The thing is that I knew this. I use this intersection all the time. I've been driving for over 20 years and I've never turned left when it was dangerous to do so. I've never been at fault in an accident. My driving record is clean. How in the world did I momentarily forget this basic traffic rule?
By way of report, all people involved are fine. The vehicles were totaled, but no one was hurt and we all walked away merely rattled.
However, I am haunted hourly by what could have happened, by what my two youngest boys will internalize, by the inconvenience and fright I caused another family.
After sitting with this for nearly a week, I've discovered that I'm mostly bothered by my own incompetence. To my personality profile, incompetence is anathema. I get stressed out by being around it. I don't like mistakes, equipment failure, people who don't solve their own problems, or anything that gets in the way of my independence. This is the unpretty picture of me. Do I hide it well? Sometimes. Why do I hide it?

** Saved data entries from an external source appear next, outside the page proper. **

(* Let $d\in\{1,2,3\}$ and let $K\subset M^{m\times n}$ be a $d$-dimensional subspace without Rank-$1$ connections, with $K=P_K(\mathbb{R}^d)$ where $P_K(z)=(a_{ij}\cdot z)_{1\le i\le m,1\le j\le n}$, $a_{ij}\in\mathbb{R}^d$, is a linear isomorphism onto $K$. If $\dim\mathrm{Span}\{a_{i_0l}:l=1,\dots,n\}=1$ for some $i_0$, or $\dim\mathrm{Span}\{a_{lj_0}:l=1,\dots,m\}=1$ for some $j_0$, then there exists $\beta\in\mathbb{R}^{q_0}\setminus\{0\}$ with $\sum_{k=1}^{q_0}\beta_kM_k(X)\ge0$ for all $X\in K$ and $\sum_k\beta_kM_k\not\equiv0$ on $K$, where $M_1,\dots,M_{q_0}$ are all the $2\times2$ minors of $m\times n$ matrices.
   Context: A set has Rank-$1$ connections if it contains $A\ne B$ with $\mathrm{Rank}(A-B)=1$. *)

From HB Require Import structures.
From mathcomp Require Import all_boot all_order all_algebra.
From mathcomp Require Import reals.
Set Implicit Arguments. Unset Strict Implicit. Unset Printing Implicit Defensive.
Import Order.TTheory GRing.Theory Num.Theory.
Local Open Scope ring_scope.

Definition PK (R : realType) (m n d : nat) (a : 'I_m -> 'I_n -> 'rV[R]_d)
  (z : 'rV[R]_d) : 'M[R]_(m, n) :=
  \matrix_(i < m, j < n) \sum_(k < d) a i j 0 k * z 0 k.

Definition minor_idx (m n : nat) : pred (('I_m * 'I_m) * ('I_n * 'I_n)) :=
  fun k => ((k.1.1 < k.1.2)%N && (k.2.1 < k.2.2)%N).

Definition minor2 (R : realType) (m n : nat) (X : 'M[R]_(m, n))
  (k : ('I_m * 'I_m) * ('I_n * 'I_n)) : R :=
  X k.1.1 k.2.1 * X k.1.2 k.2.2 - X k.1.1 k.2.2 * X k.1.2 k.2.1.

Definition minor_comb (R : realType) (m n : nat)
  (beta : ('I_m * 'I_m) * ('I_n * 'I_n) -> R) (X : 'M[R]_(m, n)) : R :=
  \sum_(k | minor_idx k) beta k * minor2 X k.

From HB Require Import structures.
From mathcomp Require Import all_boot all_order all_algebra.
From mathcomp Require Import reals.
From mathcomp Require Import ring.
Set Implicit Arguments. Unset Strict Implicit. Unset Printing Implicit Defensive.
Import Order.TTheory GRing.Theory Num.Theory.
Local Open Scope ring_scope.

(* Suppose row i0 of (a_ij) has rank one, so a_{i0 j} = c_j v with v <> 0; the
   column case reduces to it by transposition.  Every 2x2 minor of P_K(z) that
   uses row i0 factors as (v.z)(w_t.z) for explicit vectors w_t.  If v is a
   linear combination sum_t u_t w_t, then sum_t u_t M_t = (v.z)^2 on K, which is
   nonnegative and not identically zero.  Otherwise some z has v.z <> 0 and
   w_t.z = 0 for all t; then every row of P_K(z) is proportional to its nonzero
   row i0, so P_K(z) = P_K(z) - P_K(0) has rank one, a rank-one connection. *)

Definition dot (R : pzRingType) (d : nat) (u z : 'rV[R]_d) : R := (u *m z^T) 0 0.

Section Dot.
Variables (R : pzRingType) (d : nat).
Implicit Types u w z : 'rV[R]_d.

Lemma dotDl u w z : dot (u + w) z = dot u z + dot w z.
Proof. by rewrite /dot mulmxDl mxE. Qed.

Lemma dotNl u z : dot (- u) z = - dot u z.
Proof. by rewrite /dot mulNmx mxE. Qed.

Lemma dotBl u w z : dot (u - w) z = dot u z - dot w z.
Proof. by rewrite dotDl dotNl. Qed.

Lemma dotZl (c : R) u z : dot (c *: u) z = c * dot u z.
Proof. by rewrite /dot -scalemxAl mxE. Qed.

Lemma dot_suml (I : finType) (P : pred I) (F : I -> 'rV[R]_d) z :
  dot (\sum_(i | P i) F i) z = \sum_(i | P i) dot (F i) z.
Proof. by rewrite /dot mulmx_suml summxE. Qed.

End Dot.

Lemma dot_self_neq0 (R : realDomainType) d (v : 'rV[R]_d) : v != 0 -> dot v v != 0.
Proof.
apply: contraNN => /eqP vv0; apply/eqP/rowP => k; rewrite mxE.
have sq_ge0 i : true -> 0 <= v 0 i * v^T i 0 by rewrite mxE -expr2 sqr_ge0.
move: vv0; rewrite /dot mxE => /(psumr_eq0P sq_ge0)/(_ k isT)/eqP.
by rewrite mxE mulf_eq0 orbb => /eqP.
Qed.

Lemma PKE (R : realType) m n d (a : 'I_m -> 'I_n -> 'rV[R]_d) z i j :
  PK a z i j = dot (a i j) z.
Proof. by rewrite /PK /dot !mxE; apply: eq_bigr => k _; rewrite !mxE. Qed.

Lemma PK0 (R : realType) m n d (a : 'I_m -> 'I_n -> 'rV[R]_d) : PK a 0 = 0.
Proof. by apply/matrixP => i j; rewrite PKE /dot trmx0 mulmx0 !mxE. Qed.

Lemma combination_or_separating_form (F : fieldType) d (T : finType) (P : pred T)
    (W : T -> 'rV[F]_d) (v : 'rV[F]_d) :
  (exists u : T -> F, v = \sum_(t | P t) u t *: W t) \/
  (exists z, dot v z != 0 /\ forall t, P t -> dot (W t) z = 0).
Proof.
pose Wm := \matrix_(r < #|T|) (if P (enum_val r) then W (enum_val r) else 0).
have rowWm t : row (enum_rank t) Wm = if P t then W t else 0.
  by rewrite rowK enum_rankK.
have [/submxP[u ->]|] := boolP (v <= Wm)%MS.
  left; exists (fun t => u 0 (enum_rank t)).
  rewrite mulmx_sum_row (reindex _ (onW_bij _ (enum_rank_bij T))) [RHS]big_mkcond /=.
  by apply: eq_bigr => t _; rewrite rowWm; case: ifP; rewrite ?scaler0.
rewrite submxE => /rV0Pn[k vCk].
right; exists (col k (cokermx Wm))^T.
have dotE w : dot w (col k (cokermx Wm))^T = (w *m cokermx Wm) 0 k.
  by rewrite /dot trmxK !mxE; apply: eq_bigr => j _; rewrite mxE.
split=> [|t Pt]; first by rewrite dotE.
have -> : W t = row (enum_rank t) Wm by rewrite rowWm Pt.
by rewrite dotE -row_mul mulmx_coker row0 mxE.
Qed.

Lemma rank1_rows_multiple (F : fieldType) p q (A : 'M[F]_(p, q)) :
  \rank A = 1%N ->
  exists l (c : 'I_p -> F), row l A != 0 /\ forall j, row j A = c j *: row l A.
Proof.
move=> rkA; have /existsP[l Al] : [exists l, row l A != 0].
  move/eqP: rkA; apply: contraTT => /existsPn rows0.
  suff -> : A = 0 by rewrite mxrank0.
  by apply/row_matrixP => l; rewrite row0; apply/eqP/negbNE/rows0.
have Asub : (A <= row l A)%MS.
  by rewrite -(mxrank_leqif_sup (row_sub l A)).2 rank_rV Al rkA.
have [D defA] := submxP Asub.
exists l, (fun j => D j 0); split=> // j.
by rewrite {1}defA row_mul (mx11_scalar (row j D)) mul_scalar_mx mxE.
Qed.

Lemma rank1_of_proportional_rows (F : fieldType) p q (X : 'M[F]_(p, q)) i0 l :
  X i0 l != 0 -> (forall i j1 j2, X i0 j1 * X i j2 = X i0 j2 * X i j1) ->
  \rank X = 1%N.
Proof.
move=> Xl prop; have X_neq0 : X != 0 by apply: contraNneq Xl => ->; rewrite mxE.
have defX : X = (\col_i (X i l / X i0 l)) *m row i0 X.
  apply/matrixP => i j; rewrite mxE big_ord1 !mxE.
  by apply: (mulfI Xl); rewrite prop; field.
apply/eqP; rewrite eqn_leq lt0n mxrank_eq0 X_neq0 andbT defX.
exact: leq_trans (mxrankM_maxl _ _) (rank_leq_col _).
Qed.

Lemma proportional_rows_of_minors (R : realType) m n (X : 'M[R]_(m, n)) i0 :
  (forall k, minor_idx k -> (k.1.1 == i0) || (k.1.2 == i0) -> minor2 X k = 0) ->
  forall i j1 j2, X i0 j1 * X i j2 = X i0 j2 * X i j1.
Proof.
move=> minor0 i j1 j2.
wlog lt12 : j1 j2 / (j1 < j2)%N.
  by move=> sym; case: (ltngtP j1 j2) => [/sym|/sym/esym|/val_inj->].
apply/eqP; rewrite -subr_eq0.
have [lt|gt|/val_inj<-] := ltngtP i0 i; last by rewrite [X i0 j2 * _]mulrC subrr.
- have := minor0 ((i0, i), (j1, j2)); rewrite /minor_idx lt lt12 eqxx.
  by move=> /(_ isT isT)/eqP.
- have := minor0 ((i, i0), (j1, j2)); rewrite /minor_idx gt lt12 eqxx orbT.
  move=> /(_ isT isT); rewrite /minor2 /= => Mi.
  by rewrite -oppr_eq0 -Mi; apply/eqP; ring.
Qed.

Definition no_rank_one (R : realType) m n d (a : 'I_m -> 'I_n -> 'rV[R]_d) : Prop :=
  forall z, PK a z != 0 -> \rank (PK a z) != 1%N.

Definition has_nonneg_minor_comb (R : realType) m n d
    (a : 'I_m -> 'I_n -> 'rV[R]_d) : Prop :=
  exists beta : ('I_m * 'I_m) * ('I_n * 'I_n) -> R,
    (forall k, ~~ minor_idx k -> beta k = 0) /\
    (exists k, minor_idx k /\ beta k != 0) /\
    (forall z : 'rV[R]_d, 0 <= minor_comb beta (PK a z)) /\
    (exists z : 'rV[R]_d, minor_comb beta (PK a z) != 0).

Lemma nonneg_minor_comb_of_sqr (R : realType) m n d (a : 'I_m -> 'I_n -> 'rV[R]_d)
    (beta : ('I_m * 'I_m) * ('I_n * 'I_n) -> R) (v : 'rV[R]_d) :
  (forall k, ~~ minor_idx k -> beta k = 0) -> v != 0 ->
  (forall z, minor_comb beta (PK a z) = dot v z ^+ 2) ->
  has_nonneg_minor_comb a.
Proof.
move=> beta_idx v_neq0 combE.
have comb_v : minor_comb beta (PK a v) != 0 by rewrite combE sqrf_eq0 dot_self_neq0.
exists beta; split=> //; split; last by split=> [z|]; [rewrite combE sqr_ge0 | exists v].
have [k /andP[idx bk]|beta0] := pickP (fun k => minor_idx k && (beta k != 0)).
  by exists k.
move: comb_v; rewrite /minor_comb big1 ?eqxx // => k idx.
by move: (beta0 k); rewrite idx => /negbFE/eqP->; rewrite mul0r.
Qed.

Section ProportionalRow.
Variables (R : realType) (m n d : nat) (a : 'I_m -> 'I_n -> 'rV[R]_d).
Variables (i0 : 'I_m) (l : 'I_n) (c : 'I_n -> R).
Hypothesis a_i0 : forall j, a i0 j = c j *: a i0 l.
Hypothesis a_i0l_neq0 : a i0 l != 0.

Let g i j1 j2 := c j1 *: a i j2 - c j2 *: a i j1.

Lemma minor_row_i0E z i j1 j2 :
  PK a z i0 j1 * PK a z i j2 - PK a z i0 j2 * PK a z i j1 =
  dot (a i0 l) z * dot (g i j1 j2) z.
Proof. by rewrite !PKE (a_i0 j1) (a_i0 j2) /g dotBl !dotZl; ring. Qed.

Let W (t : ('I_m * 'I_m) * ('I_n * 'I_n)) :=
  if t.1.1 == i0 then g t.1.2 t.2.1 t.2.2 else - g t.1.1 t.2.1 t.2.2.

Lemma minor2_through_i0E z t : (t.1.1 == i0) || (t.1.2 == i0) ->
  minor2 (PK a z) t = dot (a i0 l) z * dot (W t) z.
Proof.
case: t => [[i1 i2] [j1 j2]] /orP[/eqP/= ->|/eqP/= ->]; rewrite /W /minor2 /=.
  by rewrite eqxx minor_row_i0E.
case: eqP => [->|_]; first by rewrite minor_row_i0E.
by rewrite dotNl mulrN -minor_row_i0E; ring.
Qed.

Lemma nonneg_minor_comb_of_proportional_row : no_rank_one a -> has_nonneg_minor_comb a.
Proof.
move=> noR1.
pose P (t : ('I_m * 'I_m) * ('I_n * 'I_n)) :=
  minor_idx t && ((t.1.1 == i0) || (t.1.2 == i0)).
have [[u v_comb]|[z [vz Wz]]] := combination_or_separating_form P W (a i0 l).
  apply: (nonneg_minor_comb_of_sqr (beta := fun t => if P t then u t else 0))
    a_i0l_neq0 _ => [t /negbTE idx|z]; first by rewrite /P idx.
  rewrite expr2 {2}v_comb dot_suml mulr_sumr /minor_comb.
  rewrite big_mkcond [RHS]big_mkcond; apply: eq_bigr => t _.
  case Pt: (P t); last by rewrite mul0r; case: ifP.
  case/andP: Pt => -> /minor2_through_i0E ->; rewrite dotZl; ring.
pose X := PK a z; have Xi0l : X i0 l != 0 by rewrite /X PKE.
have rkX : \rank X = 1%N.
  apply: (rank1_of_proportional_rows Xi0l); apply: proportional_rows_of_minors.
  by move=> t idx through; rewrite minor2_through_i0E // Wz ?mulr0 // /P idx.
have /noR1 : X != 0 by apply: contraNneq Xi0l => ->; rewrite mxE.
by rewrite rkX.
Qed.

End ProportionalRow.

Lemma nonneg_minor_comb_of_rank1_row (R : realType) m n d
    (a : 'I_m -> 'I_n -> 'rV[R]_d) (i0 : 'I_m) :
  no_rank_one a -> \rank (\matrix_(l < n) a i0 l) = 1%N -> has_nonneg_minor_comb a.
Proof.
move=> noR1 /rank1_rows_multiple[l [c [row_l rows]]].
apply: (nonneg_minor_comb_of_proportional_row (i0 := i0) (l := l) (c := c)) noR1.
  by move=> j; have := rows j; rewrite !rowK.
by rewrite -(rowK (fun l => a i0 l) l).
Qed.

Lemma PK_tr (R : realType) m n d (a : 'I_m -> 'I_n -> 'rV[R]_d) z :
  PK (fun j i => a i j) z = (PK a z)^T.
Proof. by apply/matrixP => j i; rewrite !mxE. Qed.

Lemma no_rank_one_tr (R : realType) m n d (a : 'I_m -> 'I_n -> 'rV[R]_d) :
  no_rank_one a -> no_rank_one (fun j i => a i j).
Proof. by move=> noR1 z; rewrite PK_tr trmx_eq0 mxrank_tr; apply: noR1. Qed.

Lemma minor_comb_tr (R : realType) m n (beta : ('I_n * 'I_n) * ('I_m * 'I_m) -> R)
    (X : 'M[R]_(m, n)) :
  minor_comb beta X^T = minor_comb (fun k => beta (k.2, k.1)) X.
Proof.
rewrite /minor_comb (reindex (fun k => (k.2, k.1))) /=; last first.
  by apply: onW_bij; exists (fun k => (k.2, k.1)); case.
apply: eq_big => [k|k _]; first by rewrite /minor_idx andbC.
by rewrite /minor2 !mxE; ring.
Qed.

Lemma has_nonneg_minor_comb_tr (R : realType) m n d (a : 'I_m -> 'I_n -> 'rV[R]_d) :
  has_nonneg_minor_comb (fun j i => a i j) -> has_nonneg_minor_comb a.
Proof.
case=> beta [beta_idx [[k [idx bk]] [comb_ge0 [z comb_neq0]]]].
exists (fun k => beta (k.2, k.1)); split; [|split; [|split]].
- by move=> k' idx'; apply: beta_idx; rewrite /minor_idx andbC.
- by exists (k.2, k.1); rewrite /minor_idx andbC; case: k idx bk => [[? ?] [? ?]].
- by move=> z'; rewrite -minor_comb_tr -PK_tr.
- by exists z; rewrite -minor_comb_tr -PK_tr.
Qed.

Theorem lemma4 (R : realType) (m n d : nat) (a : 'I_m -> 'I_n -> 'rV[R]_d) :
  (1 <= d <= 3)%N ->
  injective (PK a) ->
  (forall z1 z2 : 'rV[R]_d, PK a z1 != PK a z2 ->
     \rank (PK a z1 - PK a z2) != 1%N) ->
  ((exists i0 : 'I_m, \rank (\matrix_(l < n) a i0 l) = 1%N) \/
   (exists j0 : 'I_n, \rank (\matrix_(l < m) a l j0) = 1%N)) ->
  exists beta : ('I_m * 'I_m) * ('I_n * 'I_n) -> R,
    (forall k, ~~ minor_idx k -> beta k = 0) /\
    (exists k, minor_idx k /\ beta k != 0) /\
    (forall z : 'rV[R]_d, 0 <= minor_comb beta (PK a z)) /\
    (exists z : 'rV[R]_d, minor_comb beta (PK a z) != 0).
Proof.
move=> _ _ no_conn.
have noR1 : no_rank_one a by move=> z; have := no_conn z 0; rewrite PK0 subr0.
case=> [[i0 rk_row]|[j0 rk_col]]; first exact: nonneg_minor_comb_of_rank1_row rk_row.
apply: has_nonneg_minor_comb_tr.
exact: nonneg_minor_comb_of_rank1_row (no_rank_one_tr noR1) rk_col.
Qed.
Lemma Un_cv_Rint_sin_mu_n C delta :
  cv_infty (sigma_n re im) ->
  (forall n, (1 <= n)%nat -> varsigma_n im n / sigma_n re im n <= C) ->
  0 < delta ->
  Un_cv (fun n => Rint (fun y => sin (y * mu_n re im n (s y) x) / y) 0 delta) (PI / 2).
Proof.
  intros Hinf Hratio Hd.
  set (K := 2 * (Rabs x + Rabs c * delta) ^ 2 + 2).
  assert (HK : 2 <= K) by (unfold K; generalize (pow2_ge_0 (Rabs x + Rabs c * delta)); lra).
  set (M := Rabs c * Rabs C * K).
  assert (HM : 0 <= M).
  { unfold M. generalize (Rabs_pos c) (Rabs_pos C). intros.
    apply Rmult_le_pos; [apply Rmult_le_pos|]; lra. }
  set (P := 1 + M * delta).
  assert (HP : 1 <= P) by (unfold P; nra).
  apply (Un_cv_of_uniform_bound _ (sigma_n re im) _ (M * P) delta Hd); [nra|exact Hinf|].
  intros eps Heps.
  set (W := (4 / eps + delta * P / eps ^ 2) * P).
  assert (HW : 0 <= W).
  { unfold W. apply Rmult_le_pos; [|lra]. apply Rplus_le_le_0_compat.
    - apply Rlt_le, Rdiv_lt_0_compat; lra.
    - apply Rle_mult_inv_pos; [nra|apply pow_lt; lra]. }
  exists (W * (K / 2)). intros n Hn.
  assert (Hsig := sigma_n_pos re im im_pos n Hn).
  assert (Hvar : varsigma_n im n <= C * sigma_n re im n).
  { specialize (Hratio n Hn). unfold Rdiv in Hratio.
    apply (Rmult_le_compat_r (sigma_n re im n)) in Hratio; [|lra].
    rewrite Rmult_assoc, Rinv_l, Rmult_1_r in Hratio by lra. exact Hratio. }
  set (g := poisson_line re im c x n).
  assert (Hlow : forall z, 0 <= z <= delta -> 2 / K * sigma_n re im n <= g z)
    by (intros z Hz; apply poisson_line_lower, Hz).
  assert (HKs : 0 < 2 / K * sigma_n re im n)
    by (apply Rmult_lt_0_compat; [apply Rdiv_lt_0_compat|]; lra).
  assert (Hg0 : 0 < g 0) by (apply Rlt_le_trans with (2 / K * sigma_n re im n); [|apply Hlow]; lra).
  assert (Hbound : forall y z, 0 <= y <= delta -> 0 <= z <= delta ->
            Rabs (c * poisson_sum' re im n (x + c * y)) <= M * g z).
  { intros y z _ Hz. eapply Rle_trans; [apply (Rabs_poisson_line'_le n C y Hn Hvar)|].
    replace (2 * Rabs c * Rabs C * sigma_n re im n) with (M * (2 / K * sigma_n re im n))
      by (unfold M; field; lra).
    apply Rmult_le_compat_l; [exact HM|apply Hlow, Hz]. }
  rewrite Rint_sin_mu_n_eq by exact Hd.
  eapply Rle_trans.
  { exact (Rabs_RInt_sin_prim_quot_sub_PI2_le g _ delta M (is_derive_poisson_line n)
             (continuous_poisson_line' n) Hd HM Hbound Hg0 eps Heps). }
  fold P. apply Rplus_le_compat_l.
  replace (W * (K / 2) / sigma_n re im n) with (W * / (2 / K * sigma_n re im n)) by (field; lra).
  unfold Rdiv. rewrite <- Rmult_assoc. apply Rmult_le_compat_l; [exact HW|].
  apply Rinv_le_contravar; [exact HKs|apply Hlow; lra].
Qed.
(* Let $\mathscr T$ be a leafless, locally finite rooted directed tree of finite branching index, $q\geqslant1$ real, $S_{\lambda,q}$ the Dirichlet shift on $\mathscr T$, and $S_{w,q}$ the classical Dirichlet shift. Then $S_{\lambda,q}$ is unitarily equivalent to some finite orthogonal direct sum of copies of $S_{w,q}$ if and only if either $q=1$ or $\mathscr T$ is isomorphic to $\mathbb N$.
   Context: A directed tree $\mathscr T=(V,\mathcal E)$ is a directed graph with no circuits, connected, in which every non-root vertex has a unique parent; rooted means a unique vertex $\mathsf{root}$ has no parent. $\mathsf{Chi}(v)=\{u:(v,u)\in\mathcal E\}$; $\mathsf{Chi}^{\langle n\rangle}$ is the $n$-fold iterate. Locally finite: each $\mathsf{Chi}(v)$ finite; leafless: each $\mathsf{Chi}(v)$ nonempty; $V$ countably infinite. Depth $n_v$: the unique $n$ with $v\in\mathsf{Chi}^{\langle n\rangle}(\mathsf{root})$. Branching vertices $V_\prec=\{v:\mathrm{card}(\mathsf{Chi}(v))\geqslant2\}$; branching index $k_{\mathscr T}=1+\sup\{n_w:w\in V_\prec\}$ if $V_\prec\ne\emptyset$, else $0$; finite branching index means $k_{\mathscr T}<\infty$. $\mathscr T$ is isomorphic to $\mathbb N$ if there is an edge-preserving bijection onto the tree with vertices $\mathbb N$ and edges $(n,n+1)$ (equivalently $V_\prec=\emptyset$). The weighted shift on $\ell^2(V)$ with weights $\{\lambda_u\}$ is $S_\lambda e_v=\sum_{u\in\mathsf{Chi}(v)}\lambda_ue_u$. The Dirichlet shift $S_{\lambda,q}$ has weights $\lambda_{u,q}=\frac{1}{\sqrt{\mathrm{card}(\mathsf{Chi}(v))}}\sqrt{\frac{n_v+q}{n_v+1}}$ for $u\in\mathsf{Chi}(v)$. The classical Dirichlet shift $S_{w,q}$ is the operator on $\ell^2(\mathbb N)$ given by $S_{w,q}e_n=\sqrt{\frac{n+q}{n+1}}\,e_{n+1}$. *)

From Stdlib Require Import Reals List Relations ClassicalEpsilon.
Open Scope R_scope.
Set Implicit Arguments.

Definition C : Type := (R * R)%type.
Definition C0 : C := (0, 0).
Definition RtoC (r : R) : C := (r, 0).
Definition Cadd (a b : C) : C := (fst a + fst b, snd a + snd b).
Definition Cmul (a b : C) : C :=
  (fst a * fst b - snd a * snd b, fst a * snd b + snd a * fst b).
Definition Cnorm2 (a : C) : R := fst a * fst a + snd a * snd a.

Definition sqsum {X : Type} (f : X -> C) (l : list X) : R :=
  fold_right (fun x acc => Cnorm2 (f x) + acc) 0 l.

Definition in_l2 {X : Type} (f : X -> C) : Prop :=
  exists M : R, forall l : list X, NoDup l -> sqsum f l <= M.

Definition l2_sqnorm {X : Type} (f : X -> C) (s : R) : Prop :=
  is_lub (fun x => exists l : list X, NoDup l /\ x = sqsum f l) s.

Because it doesn't seem congruent with a life that's convinced of grace.
Sadly, and this is the lesson that I think I'm grasping, I often fall in the trap of even labeling my own children as incompetent. This has been on my mind for a while now and when I can catch myself viewing them in this way (i.e. getting frustrated) I do a better job of backing up and trying again with a bit more understanding. But I've been missing the mark and I've been wondering, just what does that kind of motherly grace actually look like?
Perhaps I was the cause of a car accident because I'd meet a woman who would teach me something I needed to learn. The mother of the teenage driver I hit leaped out of her Landcruiser and came to my vehicle straightaway. She asked if I was okay. She didn't look at me like I was crazy. She didn't accuse me of anything. I actually asked her how the accident happened and as she gently explained my incompetence glared me in the face. I owned it. I apologized. She helped call 911 because I didn't look so good. Later, she hugged me. She let me cry. She said, "It's okay. It's only property. No one is hurt. God was watching out for us today."
Indeed. And I hope that I got his message: Grace looks like a hug from a woman who simply wants to believe you are better than that. Grace offers forgiveness. Grace knows that you can try again and succeed. Grace knows who is in control even when the circumstances seem crazy.
I hope that I can take this and pass it on to my kids as I daily try to encourage and uplift them toward the people they are becoming. They make mistakes, they choose unwisely, they don't control themselves... but I can show grace and know that, in the end, they'll be better because I believe it to be so.